Metamodeling strategy for an arbitrary generative model

Hello - I’m looking for on an efficient general-purpose metamodel representation that could be used for inference in pymc3. Maybe someone out there has some experience or suggestions. I have not seen the topic addressed here.

For example, in environmental engineering, we have a lot of physical and chemical generative models that have been developed over the decades that can’t readily be ported into pymc3, however, Bayesian inference could be useful for fitting and understanding the models. For context, think of a site-specific groundwater model built on USGS software - we might want to know what measured chemical concentrations say about some underlying variable, say the rate of biodegradation or something.

So the plan is to run the parent model a number of times with a variety of input parameters, make a metamodel representation of the input and output data in a format that pymc3 can handle, then perform inference on the input parameters from measured output parameters. I’d like some advice on the form the metamodel should take.

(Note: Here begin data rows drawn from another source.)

Local Notation K := (((r - 2)`!)%:R : R).
Local Notation Z1 := (\sum_(I in Mk pi 1) wt r pi I).
Local Notation Z2 := (\sum_(I in Mk pi 2) wt r pi I).
Local Notation p := (pair_prob r pi).

Lemma fact_subn1 : ((r - 1)`!)%:R = K * (r - 1)%:R.
Proof.
have -> : (r - 1 = (r - 2).+1)%N by lia.
by rewrite factS natrM mulrC.
Qed.

Lemma sum_wt_Mk1 : Z1 = K * (r - 1)%:R * (r%:R * mass pi).
Proof.
rewrite sum_wt_Mk sum_card1; under eq_bigr do rewrite wt_set1 fact_subn1.
by rewrite -mulr_sumr (sum_mass1 pi_hom).
Qed.

Lemma sum_wt_Mk1_Mk2 : Z1 = 2 * Z2.
Proof.
have offdiag v : \sum_(u | u != v) mass2 pi v u = (r - 1)%:R * mass1 pi v.
  by rewrite -(sum_mass2 pi_hom) [RHS](bigD1 v) //= mass2ii add0r.
rewrite sum_wt_Mk1 sum_wt_Mk sum_card2.
under eq_bigr => v _ do under eq_bigr => u uv do rewrite wt_set2 //.
under eq_bigr do rewrite -mulr_sumr offdiag.
by rewrite -mulr_sumr -mulr_sumr (sum_mass1 pi_hom) !mulrA.
Qed.

Lemma pik1E v : pik r pi 1 [set v] = K * (r - 1)%:R * mass1 pi v / Z1.
Proof.
rewrite /pik -fact_subn1 -wt_set1; case: ifP => // notM1.
rewrite wt_notindep ?mul0r //; apply: contraFN notM1 => indep_v.
by rewrite /Mk inE indep_v cards1.
Qed.

Lemma pair_prob_ge0 v u : 0 <= p v u.
Proof.
by rewrite /pair_prob sum_wt_Mk1 divr_ge0 ?mulr_ge0 ?ler0n ?(mass_ge0 pi_ge0) ?(mass2_ge0 pi_ge0).
Qed.

Lemma pair_probC v u : p v u = p u v.
Proof. by rewrite /pair_prob mass2C. Qed.

Lemma pair_prob_ii v : p v v = 0.
Proof. by rewrite /pair_prob mass2ii mulr0 mul0r. Qed.

Lemma pair_prob_Mk2 v u : p v u != 0 -> [set v; u] \in Mk pi 2.
Proof.
move=> p_neq0; apply: mass2_Mk2; apply: contraNneq p_neq0 => mass2_0.
by rewrite /pair_prob mass2_0 mulr0 mul0r.
Qed.

Lemma sum_pik2 (G : {set 'I_n} -> R) :
  \sum_S pik r pi 2 S * G S = \sum_v \sum_u p v u * G [set v; u].
Proof.
have half w : 2 * (w / Z1) = w / Z2.
  by rewrite sum_wt_Mk1_Mk2 invfM mulrCA !mulrA mulfK ?pnatr_eq0.
have pik2E S : pik r pi 2 S = if #|S| == 2%N then 2 * (wt r pi S / Z1) else 0.
  rewrite /pik half; case: ifP => [|notM2]; first by rewrite /Mk inE => /andP[_ ->].
  case: ifP => // card2; rewrite wt_notindep ?mul0r //; apply: contraFN notM2 => indepS.
  by rewrite /Mk inE indepS card2.
under eq_bigr do rewrite pik2E (fun_if (fun x => x * G _)) mul0r -mulrA.
rewrite -big_mkcond /= -mulr_sumr sum_card2; apply: eq_bigr => v _.
rewrite [RHS](bigD1 v) //= pair_prob_ii mul0r add0r; apply: eq_bigr => u uv.
by rewrite wt_set2 // /pair_prob mulrAC.
Qed.

Lemma up1_ge0 (f2 : {set 'I_n} -> R) :
  (forall S, S \in Mk pi 2 -> 0 <= f2 S) -> forall v, 0 <= up1 r pi f2 v.
Proof.
move=> f2_ge0 v; apply: sumr_ge0 => S /andP[M2S _].
by rewrite mulr_ge0 ?divr_ge0 ?wt_ge0 ?f2_ge0.
Qed.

The metamodel would be a deterministic mapping between input and output variables. A linear model would be too simple to capture most parent models. I implemented a gaussian process metamodel without the error term, so it would be deterministic, but I found that it was really sensitive to the length parameter and I had trouble consistently getting faithful interpolations data points from the parent model. Maybe there is a better GP approach? Here is my code for reference:

import pymc3 as pm
import theano.tensor as tt
import theano.sandbox.linalg as tsl

def gp_calc(predictors,X,Y,X_new,ls = .1):
    '''
    GP calculator without noise
    predictors: list of predictors
    X: predictor values to train on
    Y: predicted values to train on
    X_new: new predictions
    ls: length scale
    mu: predicted Y_new values
    '''
    cov = pm.gp.cov.ExpQuad(input_dim = len(predictors), ls=ls)
    K = cov(X)
    K_inv = tsl.matrix_inverse(K)
    Ks = cov(X,X_new)
    mu = tt.dot(tt.dot(Ks.T, K_inv),Y)
    return mu

I’m not too concerned about the exact interpolation method between data points in the parent model, provided it is simple, explainable, and faithful to the model. A nearest neighbors interpolator would be fine for my purpose, but maybe there are too many discontinuities in the metamodel to get a good inference in pymc3? A simple linear interpolator would also be fine such as scipy.interpolate.LinearNDInterpolator but it also has edges that could make inference difficult. Since I would need to implement these in theano, I’d like to have an idea that they would work before coding it up.

If you have read this far, then thanks! Let me know if you have a suggested strategy.